(* [g(s,0)] conjugates [g(1,1)] to [g(1,s^2)] = [g(1,1)^2]; comparing the images
   of [e2] under both sides forces [al = 2 be], while [al * be^* = 1]. *)
Lemma dilation_sqrt2_eigen : exists al be : C,
  [/\ rho (gmat (Num.sqrt 2) 0) e1 = al *: e1,
      rho (gmat (Num.sqrt 2) 0) e2 = be *: e2 & al * al^* = 2].
Proof.
set s := Num.sqrt 2; have sgt0 : 0 < s by rewrite sqrtr_gt0 ltr0n.
have s2 : s ^+ 2 = 2 by rewrite sqr_sqrtr ?ler0n.
have Sa : SU11 (gmat s 0 : 'M[C]_2) by exact/SU11_gmat/lt0r_neq0.
have Sn := SU11_gmat11 R.
have [al hal] := fix_e1 0 sgt0; have [be hbe] := fix_e2 sgt0.
exists al, be; split=> //.
have hab : al * be^* = 1.
  by rewrite -h12 -(rho_isometry Sa) hal hbe !(hfE hB) h12 mulr1.
have be_neq0 : be != 0.
  by move: hab; apply: contra_eq_neq => ->; rewrite rmorph0 mulr0 eq_sym oner_neq0.
have [nu1 [nu1_1 E1]] := hrep.2.1 _ _ Sa Sn.
have [nu2 [_ E2]] := hrep.2.1 _ _ Sn (SU11_mul Sn Sa).
have [nu3 [_ E3]] := hrep.2.1 _ _ Sn Sa.
have key : nu1 *: rho (gmat s 0) (rho (gmat 1 1) e2) =
    nu2 *: rho (gmat 1 1) (nu3 *: rho (gmat 1 1) (rho (gmat s 0) e2)).
  by rewrite -E1 -E3 -E2 gmat_sqrt2_shear.
rewrite ?(rhoZ Sa, rhoD Sa, rhoZ Sn, rhoD Sn, hal, hbe,
  rho_gmat11_e1, rho_gmat11_e2) in key.
have := congr1 (B^~ e1) key; have := congr1 (B^~ e2) key.
rewrite /= !(hfE hB) h11 h12 (hf21 hB h12) h22 !(mulr0, mulr1, addr0, add0r).
move=> F2 F1.
have lam : nu1 * mu^-1 = nu2 * nu3 * mu^-1 * mu^-1.
  by apply: (mulIf be_neq0); transitivity (nu1 * (mu^-1 * be)); [ring | rewrite F1; ring].
have nu1_neq0 : nu1 != 0 by rewrite -normr_eq0 nu1_1 oner_neq0.
have al2 : al = 2 * be.
  apply: (@mulfI _ (nu1 * mu^-1 * K)); first by rewrite !mulf_neq0 ?invr_neq0.
  transitivity (nu1 * (mu^-1 * (K * al))); first by ring.
  by rewrite F2 [in RHS]lam; ring.
by rewrite {2}al2 rmorphM rmorph_nat mulrCA hab mulr1.
Qed.

Lemma stab_wmat : span2_stab (wmat R).
Proof.
have [al [be [hal hbe al_norm]]] := dilation_sqrt2_eigen.
set s := Num.sqrt 2 in hal hbe; have sgt0 : 0 < s by rewrite sqrtr_gt0 ltr0n.
have Sa : SU11 (gmat s 0 : 'M[C]_2) by exact/SU11_gmat/lt0r_neq0.
have Sa' : SU11 (gmat s^-1 0 : 'M[C]_2) by apply/SU11_gmat; rewrite invr_neq0 ?lt0r_neq0.
have Sw := SU11_wmat R.
have [nu4 [nu4_1 E4]] := hrep.2.1 _ _ Sa Sw.
have [nu5 [_ E5]] := hrep.2.1 _ _ Sw Sa'.
have nu4_neq0 : nu4 != 0 by rewrite -normr_eq0 nu4_1 oner_neq0.
have image_in_span2 e : B e e = 0 -> same_line (rho (gmat s^-1 0) e) e ->
    in_span2 e1 e2 (rho (wmat R) e).
  move=> hee [x hx].
  apply: (isotropic_eigenvector_in_span2 hB hneg h11 h22 h12 (U := rho (gmat s 0))
    (ga := nu4^-1 * nu5 * x) (rho_isometry Sa) hal hbe).
  - by rewrite al_norm (eqr_nat _ 2 1).
  - by rewrite (rho_isometry Sw).
  - apply: (scalerI nu4_neq0); rewrite -E4 gmat_wmat E5 hx (rhoZ Sw).
    by rewrite !scalerA !mulrA mulfV // mul1r.
have s'gt0 : 0 < s^-1 by rewrite invr_gt0.
by apply: (span2_stab_basis Sw); apply: image_in_span2;
  [| apply: fix_e1 | | apply: fix_e2].
Qed.

Lemma stab_shear (b : R) : span2_stab (gmat 1 b).
Proof.
have stab_conj l c : 0 < l -> span2_stab (gmat 1 c) -> span2_stab (gmat 1 (l ^+ 2 * c)).
  move=> lgt0 hc; rewrite -gmat_conj_shear ?lt0r_neq0 //.
  by apply/span2_stabM/stab_dilation; [apply/span2_stabM/hc/stab_dilation | rewrite invr_gt0].
have stab_gmat1N1 : span2_stab (gmat 1 (-1)).
  rewrite gmat1N1; do !apply/span2_stabM; by [exact: stab_wmat | exact: stab_gmat11].
have [blt0|bgt0|->] := ltgtP b 0.
- have -> : b = Num.sqrt (- b) ^+ 2 * (-1) by rewrite sqr_sqrtr ?oppr_ge0 ?ltW // mulrN1 opprK.
  by apply: stab_conj; rewrite ?sqrtr_gt0 ?oppr_gt0.
- have -> : b = Num.sqrt b ^+ 2 * 1 by rewrite sqr_sqrtr ?ltW // mulr1.
  by apply: stab_conj; [rewrite sqrtr_gt0 | exact: stab_gmat11].
- exact: stab_dilation.
Qed.

Lemma stab_gmat (l b : R) : l != 0 -> span2_stab (gmat l b).
Proof.
have stab_pos l' b' : 0 < l' -> span2_stab (gmat l' b').
  move=> lgt0; rewrite -(gmat_dilation_shear b' (lt0r_neq0 lgt0)).
  exact/span2_stabM/stab_shear/stab_dilation.
move=> lnz; have [llt0|lgt0|l0] := ltgtP l 0; last by rewrite l0 eqxx in lnz.
- rewrite -[l]opprK -[b]opprK gmat_opp.
  by apply/span2_stabM/stab_pos; [apply/span2_stabM; exact: stab_wmat | rewrite oppr_gt0].
- exact: stab_pos.
Qed.

Lemma stab_SU11 (g : 'M[C]_2) : SU11 g -> span2_stab g.
Proof.
move=> /SU11_real_form[p [q [r [s [hdet ->]]]]].
have [r0|rnz] := eqVneq r 0.
  have ps1 : p * s = 1 by rewrite -hdet r0 mulr0 addr0.
  rewrite r0 mx2_upper //; apply: stab_gmat.
  by move: ps1; apply: contra_eq_neq => ->; rewrite mul0r eq_sym oner_neq0.
rewrite mx2_bruhat //; apply/span2_stabM/stab_gmat => //.
exact/span2_stabM/stab_wmat/stab_shear.
Qed.

End ParabolicStable.

End Span2Stable.

Lemma has_arg_pihalf (R : realType) (K : R[i]) : has_arg K (pi / 2) -> K + K^* = 0.
Proof.
case: K => k1 k2 [_ [+ _]]; rewrite cos_pihalf mulr0 /= => ->.
by apply/eqP; rewrite eq_complex /= addr0 subrr eqxx.
Qed.

Theorem mainTheorem11 (R : realType) (V : lmodType R[i]) (B : V -> V -> R[i])
    (rho : 'M[R[i]]_2 -> V -> V) :
  hermitian_form B ->
  sig_one_infty_hilbert B ->
  proj_rep B rho ->
  orbitally_continuous B rho ->
  non_elementary B rho ->
  Arg_is B rho (pi / 2) ->
  preserves_H1_subspace B rho.
Proof.
(* Continuity and non-elementarity only serve to single out [eta1] and [eta2];
   the properties of these points that the proof needs are part of [Arg_is]. *)
move=> hB [e0 [_ [hneg _]]] hrep _ _.
move=> [e1 [e2 [mu [K [c [[_ h11] [[_ h22] [h12 [fix_e1 [_ [fix_e2 [mu_1 [hT1 [hT2 [hc1 [hc2 argK]]]]]]]]]]]]]]]].
have mu_neq0 : mu != 0 by rewrite -normr_eq0 mu_1 oner_neq0.
have c0 : c = 0.
  apply: (isotropic_translate_eq0 hB hneg h11 h22 h12 (has_arg_pihalf argK) hc1 hc2).
  by rewrite -hT2 !(hfE hB) (rho_isometry hrep (SU11_gmat11 R)) h22 !mulr0.
rewrite c0 addr0 in hT2.
have [o11 o22 o12] := hyperbolic_pair_orthonormal hB h11 h22 h12.
exists (e1 + 2^-1 *: e2), (e1 - 2^-1 *: e2); do 3 (split; first done).
move=> g hg w /(in_span2_half_basis e1 e2 w).2 hw.
apply/(in_span2_half_basis e1 e2 _).1.
by apply: (stab_SU11 hrep hB hneg h11 h22 h12 mu_neq0 argK.1 hT1 hT2 fix_e1 fix_e2 hg).2.
Qed.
━━━━━━━━
Wherever the word "move" appears in the listing above, copy that line.

WRITTEN SOLUTION:
  by move: hab; apply: contra_eq_neq => ->; rewrite rmorph0 mulr0 eq_sym oner_neq0.
move=> F2 F1.
  move=> hee [x hx].
  move=> lgt0 hc; rewrite -gmat_conj_shear ?lt0r_neq0 //.
  move=> lgt0; rewrite -(gmat_dilation_shear b' (lt0r_neq0 lgt0)).
move=> lnz; have [llt0|lgt0|l0] := ltgtP l 0; last by rewrite l0 eqxx in lnz.
move=> /SU11_real_form[p [q [r [s [hdet ->]]]]].
  by move: ps1; apply: contra_eq_neq => ->; rewrite mul0r eq_sym oner_neq0.
move=> hB [e0 [_ [hneg _]]] hrep _ _.
move=> [e1 [e2 [mu [K [c [[_ h11] [[_ h22] [h12 [fix_e1 [_ [fix_e2 [mu_1 [hT1 [hT2 [hc1 [hc2 argK]]]]]]]]]]]]]]]].
move=> g hg w /(in_span2_half_basis e1 e2 w).2 hw.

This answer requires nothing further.